Our cast of characters aren’t the best this time around, their personalities shallow and undefined outside the main lead and in the context of this wider universe, they’re given less time for us to care about them. The actors do their best to make up for what little they’re given but Lupita Nyong’o’s empathy and emotive composure stands out above all else.
Sucks the dialogue they’re stuck with is amateur. But as expected, we get the most mileage out of them when they don’t speak.
Conceptually, Day One’s story seems reasonable; showcasing how different people across the country or other sides of the world dealt with the same scenario. The first movie showed us how a family torn apart by tragedy dealt with it in the middle of nowhere while the second one expanded the desolate world they left behind while trying to find some semblance of salvation. Day One’s attempts to show us how people in one of the biggest and loudest cities handle it would’ve been fine…..if they weren’t literally rehashing almost the exact same stories from the previous films. Way too quickly does the film revert back to formula way too often and while said well-trodden formula has its benefits (after all, if it ain’t broke, don’t fix it), its promise to deliver a more expansive look at the mayhem from other parts of the world never gets fulfilled and reducing the once-terrified monsters to glorified jumpscares is something I don’t think I can get behind. I don’t want to take away how tangentially self-contained the story is but it’s not told with the same intimacy, heart, or valor as the previous entries and the structure is thinner than before.
It still has some credence attached considering Djimon Honsou’s character is involved so we see how he got to where he was in the second film but considering ITS A PREQUEL, that already should’ve been a given. Sacrificing this series’s nuance and selling point by turning it into a standard monsters-on-the-loose narrative with a much wider scope than it probably needed cheapens the horror of it all and more often than not, horror works best when we’re still left in the dark about the details; the more we know, the less interesting it can become. It only just keeps your interest the entire way through but not without testing your patience too, because this isn’t scary in the slightest.

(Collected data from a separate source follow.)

Lemma kemb_comp (M N P : structure L) (h : M -> N) (g : N -> P) :
  kemb K h -> kemb K g -> kemb K (fun x => g (h x)).
Proof. by case: HK => _ [_ [_ [H _]]]; apply: H. Qed.

Lemma kemb_coherence (M0 M1 M2 : structure L) (f : M0 -> M2) (g : M1 -> M2)
    (h : M0 -> M1) :
  kemb K f -> kemb K g -> (forall x, g (h x) = f x) -> kemb K h.
Proof. by case: HK => _ [_ [_ [_ [H _]]]]; apply: H. Qed.

Lemma iso_id (M : structure L) : is_iso (fun x : M => x).
Proof. by split; [split; [|split] | move=> y; exists y]. Qed.

Lemma iso_comp (M N P : structure L) (h : M -> N) (g : N -> P) :
  is_iso h -> is_iso g -> is_iso (fun x => g (h x)).
Proof.
move=> [[ih [fh rh]] sh] [[ig [fg rg]] sg]; split; [split; [|split]|].
- by move=> x y /ig /ih.
- by move=> f a; rewrite fh fg.
- by move=> r a; apply: iff_trans (rh r a) _; apply: rg.
- by move=> y; have [z <-] := sg y; have [x <-] := sh z; exists x.
Qed.

Lemma kemb_id (M : structure L) : inK K M -> kemb K (fun x : M => x).
Proof. by move/iso_kemb; apply; apply: iso_id. Qed.

Section OmegaUnion.
Local Unset Implicit Arguments.
Variables (Q : nat -> structure L) (q : forall i, Q i -> Q i.+1).
Hypothesis inK0_Q : forall i, inK0 K (Q i).
Hypothesis kemb_q : forall i, kemb K (q i).

Definition stage_elt := {i : nat & Q i}.
Notation mk i x := (@existT nat (fun j => carrier (Q j)) i x).

Definition shift (p : stage_elt) : stage_elt := mk (projT1 p).+1 (q _ (projT2 p)).

Lemma mk_inj i (x y : Q i) : mk i x = mk i y -> x = y.
Proof. exact: (inj_pair2_eq_dec _ Nat.eq_dec (fun j => carrier (Q j))). Qed.

Lemma shift_inj : injective shift.
Proof.
move=> [i x] [j y] /= E; have [ij] := congr1 (@projT1 _ _) E.
by subst j; move: E => /mk_inj /(kemb_inj (kemb_q i)) /= ->.
Qed.

Lemma iter_shift_inj d : injective (iter d shift).
Proof. by elim: d => // d IH x y /= /shift_inj /IH. Qed.

Lemma iter_shiftC m n p : iter m shift (iter n shift p) = iter n shift (iter m shift p).
Proof. by rewrite -!iterD addnC. Qed.

(* The direct limit is the disjoint union of the stages modulo [stage_equiv]:
   two elements are identified when they agree once both are pushed to the sum
   of their stages. *)
Definition stage_equiv (p p' : stage_elt) : Prop :=
  iter (projT1 p') shift p = iter (projT1 p) shift p'.

Lemma stage_equiv_trans p1 p2 p3 : stage_equiv p1 p2 -> stage_equiv p2 p3 -> stage_equiv p1 p3.
Proof.
rewrite /stage_equiv => E12 E23; apply: (@iter_shift_inj (projT1 p2)).
by rewrite [LHS]iter_shiftC E12 iter_shiftC E23 iter_shiftC.
Qed.

Lemma stage_equiv_shift p : stage_equiv (shift p) p.
Proof. by rewrite /stage_equiv /= -iterSr. Qed.

Lemma stage_equiv_class p p' : stage_equiv p p' -> stage_equiv p = stage_equiv p'.
Proof.
move=> E; apply: funext => r; apply: propext; split; first exact: stage_equiv_trans.
by apply: stage_equiv_trans; rewrite /stage_equiv.
Qed.

Definition union_carrier := {C : stage_elt -> Prop | exists p, C = stage_equiv p}.

Definition to_union i (x : Q i) : union_carrier :=
  exist _ (stage_equiv (mk i x)) (ex_intro _ _ erefl).

Lemma to_union_eq i j (x : Q i) (y : Q j) :
  to_union i x = to_union j y <-> stage_equiv (mk i x) (mk j y).
Proof.
split=> [/(congr1 sval) /= ->|/stage_equiv_class E]; first by rewrite /stage_equiv.
by apply: eq_exist.
Qed.

Lemma to_union_inj i : injective (to_union i).
Proof.
move=> x y /to_union_eq; rewrite /stage_equiv /=.
by move/iter_shift_inj/mk_inj.
Qed.

Lemma to_union_shift i (x : Q i) : to_union i.+1 (q i x) = to_union i x.
Proof. by apply/to_union_eq; exact: (stage_equiv_shift (mk i x)). Qed.

Lemma to_union_surj (y : union_carrier) : exists i x, to_union i x = y.
Proof. by case: y => C [[i x] EC]; exists i, x; apply: eq_exist. Qed.

Definition enum_stage i : nat -> Q i := sval (cid (proj2 (inK0_Q i))).

Definition transition := relocate to_union (fun i => enum_stage i 0).

Lemma transitionE i j (x : Q i) : i <= j -> to_union j (transition i j x) = to_union i x.
Proof. by move=> ij; apply: relocateE; apply: lift_along_chain to_union_shift _ _ _ ij. Qed.

Lemma transition_id i (x : Q i) : transition i i x = x.
Proof. by apply: to_union_inj; rewrite transitionE. Qed.

Lemma transitionS i j (x : Q i) : i <= j -> transition i j.+1 x = q j (transition i j x).
Proof. by move=> ij; apply: to_union_inj; rewrite to_union_shift !transitionE // leqW. Qed.

Lemma transition_comp i j k (x : Q i) :
  i <= j -> j <= k -> transition j k (transition i j x) = transition i k x.
Proof. by move=> ij jk; apply: to_union_inj; rewrite !transitionE // (leq_trans ij). Qed.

This is a character study first, survival movie second. Even the main character’s predicament though, how it opens a lot of doors for existential discussions about facing the literal end of the world when you’re at the end of your rope, is either given surface level treatment from the script or again, we’ve already seen it before. And yet, it stays firmly within the themes already explored based on grief, hope and life dissected in a melancholic light by going through all of its five stages.
So much of this feels like a second draft for what could’ve been a richer, more complex experience. As is….its strictly fine.
When we do get an official third film (and you know they’re going to do it), for all intents and purposes, that has to be the final film. But even then, I have to question just what the gameplan will be because if this film is of any indiction, we barely have much ground left to cover here.